(Material for this task)
Lemma derivable_uptoD n f g : derivable_upto n f -> derivable_upto n g ->
  derivable_upto n (f \+ g).
Proof.
elim: n f g => [//|n IHn] f g [fD f'S] [gD g'S].
have fgD x : I x -> is_derive x 1 (f \+ g) ((derive1 f \+ derive1 g) x).
  move=> Ix; rewrite /= !derive1E.
  exact: is_deriveD (derivableP (fD x Ix)) (derivableP (gD x Ix)).
exact: (derivable_upto_is_derive fgD (IHn _ _ f'S g'S)).
Qed.

Lemma derivable_uptoN n f :
  derivable_upto n f -> derivable_upto n (fun x => - f x).
Proof.
elim: n f => [//|n IHn] f [fD f'S].
have fND x : I x -> is_derive x 1 (fun x => - f x) (- derive1 f x).
  by move=> Ix; rewrite derive1E; exact: is_deriveN (derivableP (fD x Ix)).
exact: (derivable_upto_is_derive fND (IHn _ f'S)).
Qed.

Lemma derivable_uptoM n f g : derivable_upto n f -> derivable_upto n g ->
  derivable_upto n (f \* g).
Proof.
elim: n f g => [//|n IHn] f g fS gS; have [[fD f'S] [gD g'S]] := (fS, gS).
have fgD x : I x -> is_derive x 1 (f \* g) ((derive1 f \* g \+ f \* derive1 g) x).
  move=> Ix; rewrite /= !derive1E.
  have fgDx := is_deriveM (derivableP (fD x Ix)) (derivableP (gD x Ix)).
  apply: is_derive_eq fgDx _.
  by rewrite addrC; congr (_ + _); exact: mulrC.
apply: (derivable_upto_is_derive fgD).
by apply: derivable_uptoD; apply: IHn => //; exact: derivable_uptoW.
Qed.

Lemma derivable_upto_sum n m (F : 'I_m -> R -> R) :
  (forall k, derivable_upto n (F k)) ->
  derivable_upto n (fun x => \sum_(k < m) F k x).
Proof.
elim: m F => [|m IHm] F FS.
  by apply: derivable_upto_eq (derivable_upto_cst n 0) => x _; rewrite big_ord0.
have FmS := derivable_uptoD
  (IHm _ (fun k => FS (widen_ord (leqnSn m) k))) (FS ord_max).
by apply: derivable_upto_eq FmS => x _; rewrite big_ord_recr.
Qed.

Lemma derivable_upto_cos_sin n f : derivable_upto n f ->
  derivable_upto n (cos \o f) /\ derivable_upto n (sin \o f).
Proof.
elim: n f => [//|n IHn] f fS; have [fD f'S] := fS.
have [cS sS] := IHn _ (derivable_uptoW fS).
have cD x : I x -> is_derive x 1 (cos \o f) (- sin (f x) * derive1 f x).
  by move=> Ix; rewrite derive1E; exact: is_derive1_comp (derivableP (fD x Ix)).
have sD x : I x -> is_derive x 1 (sin \o f) (cos (f x) * derive1 f x).
  by move=> Ix; rewrite derive1E; exact: is_derive1_comp (derivableP (fD x Ix)).
split.
- exact: (derivable_upto_is_derive cD (derivable_uptoM (derivable_uptoN sS) f'S)).
- exact: (derivable_upto_is_derive sD (derivable_uptoM cS f'S)).
Qed.
End DerivableUpto.

Section Primitive.
Variables (R : realType) (I : set R) (f : R -> R).
Hypotheses (I_open : open I) (I_itv : is_interval I).
Hypothesis f_cont : forall x, I x -> {for x, continuous f}.

Local Notation mu := (@lebesgue_measure R).
Let integral p t := (\int[mu]_(x in `[p, t]) f x)%R.

Lemma open_exists_lt x : I x -> exists2 p, I p & p < x.
Proof.
move=> /I_open /nbhs_ballP[e /= e_gt0 xeI].
exists (x - e / 2); last by rewrite ltrBlDr ltrDl divr_gt0.
apply: xeI; rewrite /ball /= opprB addrC subrK ger0_norm ?divr_ge0 ?ltW //.
by rewrite ltr_pdivrMr // ltr_pMr // ltr1n.
Qed.

Lemma open_exists_gt x : I x -> exists2 u, I u & x < u.
Proof.
move=> /I_open /nbhs_ballP[e /= e_gt0 xeI].
exists (x + e / 2); last by rewrite ltrDl divr_gt0.
apply: xeI; rewrite /ball /= opprD addrA subrr sub0r normrN.
by rewrite ger0_norm ?divr_ge0 ?ltW // ltr_pdivrMr // ltr_pMr // ltr1n.
Qed.

Lemma integrable_segment p q : I p -> I q -> mu.-integrable `[p, q] (EFin \o f).
Proof.
move=> Ip Iq; apply: continuous_compact_integrable; first exact: segment_compact.
apply: continuous_in_subspaceT => z; rewrite inE /= in_itv /= => pzq.
exact/f_cont/(I_itv Ip Iq).
Qed.

Lemma integral_split p q t : I p -> I t -> p <= q -> q <= t ->
  integral p t = integral p q + integral q t.
Proof.
move=> Ip It pq qt.
have := Rintegral_itvB (integrable_segment Ip It) (x := q).
rewrite !bnd_simp => /(_ pq qt).
rewrite Rintegral_itv_obnd_cbnd; last first.
  apply: integrableS (integrable_segment (I_itv Ip It (z := q) _) It) => //.
  - exact: subset_itv_oc_cc.
  - by rewrite pq.
by rewrite /integral => <-; rewrite addrC subrK.
Qed.

Lemma is_derive_integral p x : I p -> I x -> p < x ->
  is_derive x 1 (integral p) (f x).
Proof.
move=> Ip Ix px; have [u Iu xu] := open_exists_gt Ix.
have [fD f'E] :=
  continuous_FTC1_closed xu (integrable_segment Ip Iu) px (f_cont Ix).
by apply: DeriveDef; [exact: fD | rewrite -derive1E f'E].
Qed.

Lemma integral_shift p q t c : I p -> I q -> I t -> I c ->
  p <= q -> q <= t -> q <= c ->
  integral q t - integral q c = integral p t - integral p c.
Proof.
move=> Ip Iq It Ic pq qt qc.
rewrite (integral_split Ip It pq qt) (integral_split Ip Ic pq qc).
by rewrite opprD addrACA subrr add0r.
Qed.

Lemma exists_primitive :
  exists F : R -> R, forall x, I x -> is_derive x 1 F (f x).
Proof.
have [[c Ic]|I0] := pselect (exists c, I c); last first.
  by exists id => x Ix; case: I0; exists x.
have I_min t : I t -> I (Num.min t c) by case: leP.
(* F t = integral p t - integral p c for every p in I below t and c (F_eq),
   so near x the function F differs from integral p by a constant. *)
pose below t := [set p | I p /\ p < Num.min t c].
pose base t := xget c (below t).
have base_spec t : I t -> below t (base t).
  move=> It; have [p Ip ptc] := open_exists_lt (I_min t It).
  exact: (@xgetI _ c (below t) p).
pose F t := integral (base t) t - integral (base t) c.
have F_eq p t : I p -> I t -> p <= t -> p <= c ->
    F t = integral p t - integral p c.
  move=> Ip It pt pc; have [Iq] := base_spec t It.
  rewrite lt_min => /andP[qt qc].
  have Im : I (Num.min p (base t)) by case: leP.
  rewrite /F (integral_shift Im Iq It Ic _ (ltW qt) (ltW qc)); last first.
    by rewrite ge_min lexx orbT.
  by rewrite (integral_shift Im Ip It Ic _ pt pc) // ge_min lexx.
exists F => x Ix; have [p Ip] := open_exists_lt (I_min x Ix).
rewrite lt_min => /andP[px pc].
have := is_deriveB (is_derive_integral Ip Ix px)
  (is_derive_cst (integral p c) x 1).
rewrite subr0; apply: near_eq_is_derive.
near=> y; rewrite (F_eq p y) ?(ltW pc) //.
- by near: y; exact: I_open.
- by apply: ltW; near: y; exact: lt_nbhsr.
Unshelve. all: by end_near. Qed.
End Primitive.

Section OpenInterval.
Variables (R : realType) (a b : \bar R).

Lemma oint_open : open (oint a b).
Proof.
have -> : oint a b = [set x | (a < x%:E)%E] `&` [set x | (x%:E < b)%E].
  by apply/seteqP; split=> x /andP.
by apply: openI; [exact: open_ereal_gt | exact: open_ereal_lt].
Qed.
(End Material for this task)
**Assignment:** Output exactly the lines from the one containing "rewrite /F (integral_shift" through the last line of the entries, both ends included.

**Reply to the task:**
  rewrite /F (integral_shift Im Iq It Ic _ (ltW qt) (ltW qc)); last first.
    by rewrite ge_min lexx orbT.
  by rewrite (integral_shift Im Ip It Ic _ pt pc) // ge_min lexx.
exists F => x Ix; have [p Ip] := open_exists_lt (I_min x Ix).
rewrite lt_min => /andP[px pc].
have := is_deriveB (is_derive_integral Ip Ix px)
  (is_derive_cst (integral p c) x 1).
rewrite subr0; apply: near_eq_is_derive.
near=> y; rewrite (F_eq p y) ?(ltW pc) //.
- by near: y; exact: I_open.
- by apply: ltW; near: y; exact: lt_nbhsr.
Unshelve. all: by end_near. Qed.
End Primitive.

Section OpenInterval.
Variables (R : realType) (a b : \bar R).

Lemma oint_open : open (oint a b).
Proof.
have -> : oint a b = [set x | (a < x%:E)%E] `&` [set x | (x%:E < b)%E].
  by apply/seteqP; split=> x /andP.
by apply: openI; [exact: open_ereal_gt | exact: open_ereal_lt].
Qed.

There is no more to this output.